[Start of section]
(* Let $p\ge q\ge d+1$ be positive integers. Let $\mathcal F$ be an infinite family of closed convex sets in $\mathbb R^d$ satisfying the $(d+1,d+1)$-property, and let $\mathcal B$ be a $(q-d)$-free family of $p-d$ convex sets in $\mathbb R^d$. If $\mathcal F\cup\mathcal B$ satisfies the $(p,q)$-property, then $\pi(\mathcal F)=1$, i.e., all members of $\mathcal F$ have a common point.
   Context: A family of at least $p$ sets satisfies the $(p,q)$-property if among any $p$ of its members there are $q$ with a common point. A family of convex sets in $\mathbb R^d$ is $m$-free if all its members are compact and no $m+1$ of its members have a common point. $\pi(\mathcal F)$ denotes the minimum number of points needed to meet every member of $\mathcal F$. *)

From Stdlib Require Fin.
From Stdlib Require Import Reals List.
Import ListNotations.
Open Scope R_scope.

Definition point (d : nat) : Type := Fin.t d -> R.

Definition pset (d : nat) : Type := point d -> Prop.
Definition pfamily (d : nat) : Type := pset d -> Prop.

Definition convex {d : nat} (S : pset d) : Prop :=
  forall (x y : point d) (t : R), S x -> S y -> 0 <= t <= 1 ->
    S (fun i => t * x i + (1 - t) * y i).

(* Closedness: closed under limits of (coordinatewise, equivalently
   Euclidean) convergent sequences. *)
Definition closed {d : nat} (S : pset d) : Prop :=
  forall (u : nat -> point d) (x : point d),
    (forall n, S (u n)) -> (forall i, Un_cv (fun n => u n i) (x i)) -> S x.

Definition bounded {d : nat} (S : pset d) : Prop :=
  exists M : R, forall x, S x -> forall i, Rabs (x i) <= M.

(* Compact in R^d = closed and bounded (Heine-Borel). *)
Definition compact {d : nat} (S : pset d) : Prop := closed S /\ bounded S.

Definition members {d : nat} (G : pfamily d) (L : list (pset d)) : Prop :=
  NoDup L /\ forall S, In S L -> G S.

Definition common_point {d : nat} (L : list (pset d)) : Prop :=
  exists x : point d, forall S, In S L -> S x.

Definition at_least {d : nat} (n : nat) (G : pfamily d) : Prop :=
  exists L, members G L /\ length L = n.

Definition has_card {d : nat} (n : nat) (G : pfamily d) : Prop :=
  exists L, NoDup L /\ length L = n /\ forall S, G S <-> In S L.

Definition infinite_family {d : nat} (G : pfamily d) : Prop :=
  ~ exists L : list (pset d), forall S, G S -> In S L.

Definition pq_property {d : nat} (p q : nat) (G : pfamily d) : Prop :=
  at_least p G /\
  forall L, members G L -> length L = p ->
    exists L', NoDup L' /\ length L' = q /\ incl L' L /\ common_point L'.

Definition m_free {d : nat} (m : nat) (G : pfamily d) : Prop :=
  (forall S, G S -> convex S /\ compact S) /\
  forall L, members G L -> length L = (m + 1)%nat -> ~ common_point L.

Definition family_union {d : nat} (F B : pfamily d) : pfamily d :=
  fun S => F S \/ B S.

(* Given d members of F, the (p,q)-property applied to them
   together with the p-d members of B yields q members with a common point; as B is
   (q-d)-free, at most q-d of them lie in B, so that point lies in all d members of F and
   in a member of B, hence in a fixed box containing every member of B.  Helly's theorem,
   applied to the box and a finite subfamily of F, then shows that every finite subfamily
   of F meets inside the box, and compactness of the box gives a point common to all of F.
   Compactness is used one coordinate at a time: each coordinate is fixed to a supremum
   that every finite subfamily can realise, by closedness (minima are attained) and
   convexity. *)

From Pilot Require Import Defs.
From Stdlib Require Import Reals List.
From Stdlib Require Import Wf_nat Permutation Lia Lra Classical ClassicalEpsilon FunctionalExtensionality.
Import ListNotations.
Open Scope R_scope.

Definition classic_eq_dec {A : Type} (x y : A) : {x = y} + {x <> y} :=
  excluded_middle_informative (x = y).

(** * Radon's and Helly's theorems *)

Definition lsum {A : Type} (idx : list A) (f : A -> R) : R :=
  fold_right (fun k acc => f k + acc) 0 idx.

Section ListSums.
Context {A : Type}.
Implicit Types (idx : list A) (f g w : A -> R).

Lemma lsum_perm idx idx' f : Permutation idx idx' -> lsum idx f = lsum idx' f.
Proof. induction 1; simpl; lra. Qed.

Lemma lsum_ext idx f g : (forall k, In k idx -> f k = g k) -> lsum idx f = lsum idx g.
Proof.
  induction idx as [|k idx IH]; simpl; intros H; auto.
  rewrite H, IH; auto.
Qed.

Lemma lsum_zero idx : lsum idx (fun _ => 0) = 0.
Proof. induction idx; simpl; lra. Qed.

Lemma lsum_minus idx f g : lsum idx (fun k => f k - g k) = lsum idx f - lsum idx g.
Proof. induction idx; simpl; lra. Qed.

Lemma lsum_scal idx a f : lsum idx (fun k => a * f k) = a * lsum idx f.
Proof. induction idx as [|k idx IH]; simpl; [ring|]. rewrite IH. ring. Qed.

Lemma lsum_nonneg idx f : (forall k, In k idx -> 0 <= f k) -> 0 <= lsum idx f.
Proof.
  induction idx as [|k idx IH]; simpl; intros H; [lra|].
  pose proof (H k (or_introl eq_refl)). pose proof (IH (fun k' h => H k' (or_intror h))). lra.
Qed.

Lemma lsum_eq0_nonneg idx f : (forall k, In k idx -> 0 <= f k) -> lsum idx f = 0 ->
  forall k, In k idx -> f k = 0.
Proof.
  induction idx as [|k0 idx IH]; simpl; intros H Hs k Hk; [contradiction|].
  pose proof (H k0 (or_introl eq_refl)).
  pose proof (lsum_nonneg idx f (fun k' h => H k' (or_intror h))).
  destruct Hk as [<-|Hk]; [lra|].
  apply IH; auto. lra.
Qed.

End ListSums.

(* Gaussian elimination of the unknown [k0] by means of the equation [e]. *)
Lemma homogeneous_system_eliminate {A : Type} (e : A -> R) (eqs : list (A -> R))
    (k0 : A) (idx : list A) (c' : A -> R) :
  e k0 <> 0 -> ~ In k0 idx ->
  (forall r, In r eqs -> lsum idx (fun k => (r k - r k0 / e k0 * e k) * c' k) = 0) ->
  exists c : A -> R, (forall k, In k idx -> c k = c' k) /\
    forall r, In r (e :: eqs) -> lsum (k0 :: idx) (fun k => r k * c k) = 0.
Proof.
  intros Hek0 Hnin Hc'.
  set (s := lsum idx (fun k => e k * c' k)).
  set (c := fun k => if classic_eq_dec k k0 then - s / e k0 else c' k).
  assert (Hcc' : forall k, In k idx -> c k = c' k).
  { intros k Hk. unfold c. destruct (classic_eq_dec k k0); [subst; contradiction|auto]. }
  assert (Hc : forall r : A -> R,
    lsum (k0 :: idx) (fun k => r k * c k) = r k0 * (- s / e k0) + lsum idx (fun k => r k * c' k)).
  { intros r. simpl. unfold c at 1. destruct (classic_eq_dec k0 k0) as [_|]; [|congruence].
    f_equal. apply lsum_ext. intros k Hk. rewrite Hcc'; auto. }
  exists c. split; auto.
  intros r [<-|Hr]; rewrite Hc.
  - fold s. field. auto.
  - pose proof (Hc' r Hr) as H0.
    rewrite (lsum_ext idx _ (fun k => r k * c' k - r k0 / e k0 * (e k * c' k))) in H0 by (intros; ring).
    rewrite lsum_minus, lsum_scal in H0. fold s in H0.
    replace (lsum idx (fun k => r k * c' k)) with (r k0 / e k0 * s) by lra.
    field. auto.
Qed.

Lemma homogeneous_system_nontrivial {A : Type} (eqs : list (A -> R)) (idx : list A) :
  NoDup idx -> (length eqs < length idx)%nat ->
  exists c : A -> R, (exists k, In k idx /\ c k <> 0) /\
    forall e, In e eqs -> lsum idx (fun k => e k * c k) = 0.
Proof.
  remember (length eqs) as n eqn:Hn. revert eqs idx Hn.
  induction n as [|n IH]; intros [|e eqs] idx Hn Hnd Hlen; simpl in Hn; try lia.
  - destruct idx as [|k0 idx]; simpl in Hlen; [lia|].
    exists (fun _ => 1). split; [exists k0; split; [left|]; auto; lra|intros e []].
  - injection Hn as Hn.
    destruct (classic (exists k0, In k0 idx /\ e k0 <> 0)) as [[k0 [Hk0 Hek0]]|He0].
    + destruct (in_split _ _ Hk0) as [l1 [l2 ->]].
      assert (Hperm : Permutation (l1 ++ k0 :: l2) (k0 :: l1 ++ l2))
        by apply Permutation_sym, Permutation_middle.
      destruct (IH (map (fun r k => r k - r k0 / e k0 * e k) eqs) (l1 ++ l2))
        as [c' [[k1 [Hk1 Hc'k1]] Hc']].
      { rewrite length_map. auto. }
      { eapply NoDup_remove_1; eauto. }
      { rewrite (Permutation_length Hperm) in Hlen. simpl in Hlen. lia. }
      destruct (homogeneous_system_eliminate e eqs k0 (l1 ++ l2) c') as [c [Hcc' Hc]]; auto.
      { eapply NoDup_remove_2; eauto. }
      { intros r Hr. apply (Hc' _ (in_map (fun r k => r k - r k0 / e k0 * e k) _ _ Hr)). }
      exists c. split.
      * exists k1. split; [apply (Permutation_in _ (Permutation_sym Hperm)); right; auto|].
        rewrite Hcc'; auto.
      * intros r Hr. rewrite (lsum_perm _ _ _ Hperm). auto.
    + destruct (IH eqs idx Hn Hnd) as [c [Hnt Hc]]; [lia|].
      exists c. split; auto.
      intros r [<-|Hr]; auto.
      rewrite <- (lsum_zero idx). apply lsum_ext. intros k Hk.
      destruct (Req_dec (e k) 0) as [->|Hne]; [ring|].
      exfalso; eauto.
Qed.

Lemma convex_comb2 {d : nat} (S : pset d) (x y : point d) (a b : R) :
  convex S -> 0 <= a -> 0 <= b -> 0 < a + b -> (0 < a -> S x) -> (0 < b -> S y) ->
  S (fun i => (a * x i + b * y i) / (a + b)).
Proof.
  intros Hc Ha Hb Hab Hx Hy.
  destruct (Req_dec a 0) as [Ha0|Ha0]; [|destruct (Req_dec b 0) as [Hb0|Hb0]].
  - replace (fun i => (a * x i + b * y i) / (a + b)) with y; [apply Hy; lra|].
    apply functional_extensionality; intros i. subst a. field. lra.
  - replace (fun i => (a * x i + b * y i) / (a + b)) with x; [apply Hx; lra|].
    apply functional_extensionality; intros i. subst b. field. lra.
  - replace (fun i => (a * x i + b * y i) / (a + b))
      with (fun i => a / (a + b) * x i + (1 - a / (a + b)) * y i)
      by (apply functional_extensionality; intros i; field; lra).
    apply Hc; [apply Hx; lra|apply Hy; lra|].
    split; [apply Rmult_le_pos; [lra|left; apply Rinv_0_lt_compat; lra]|].
    apply Rmult_le_reg_r with (a + b); [lra|]. field_simplify; lra.
Qed.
[End of section]
* [Action item]:
State how many lines of the listing hold the string "fixed"; reply with the number and nothing else.

* [Answer to the exercise]:
2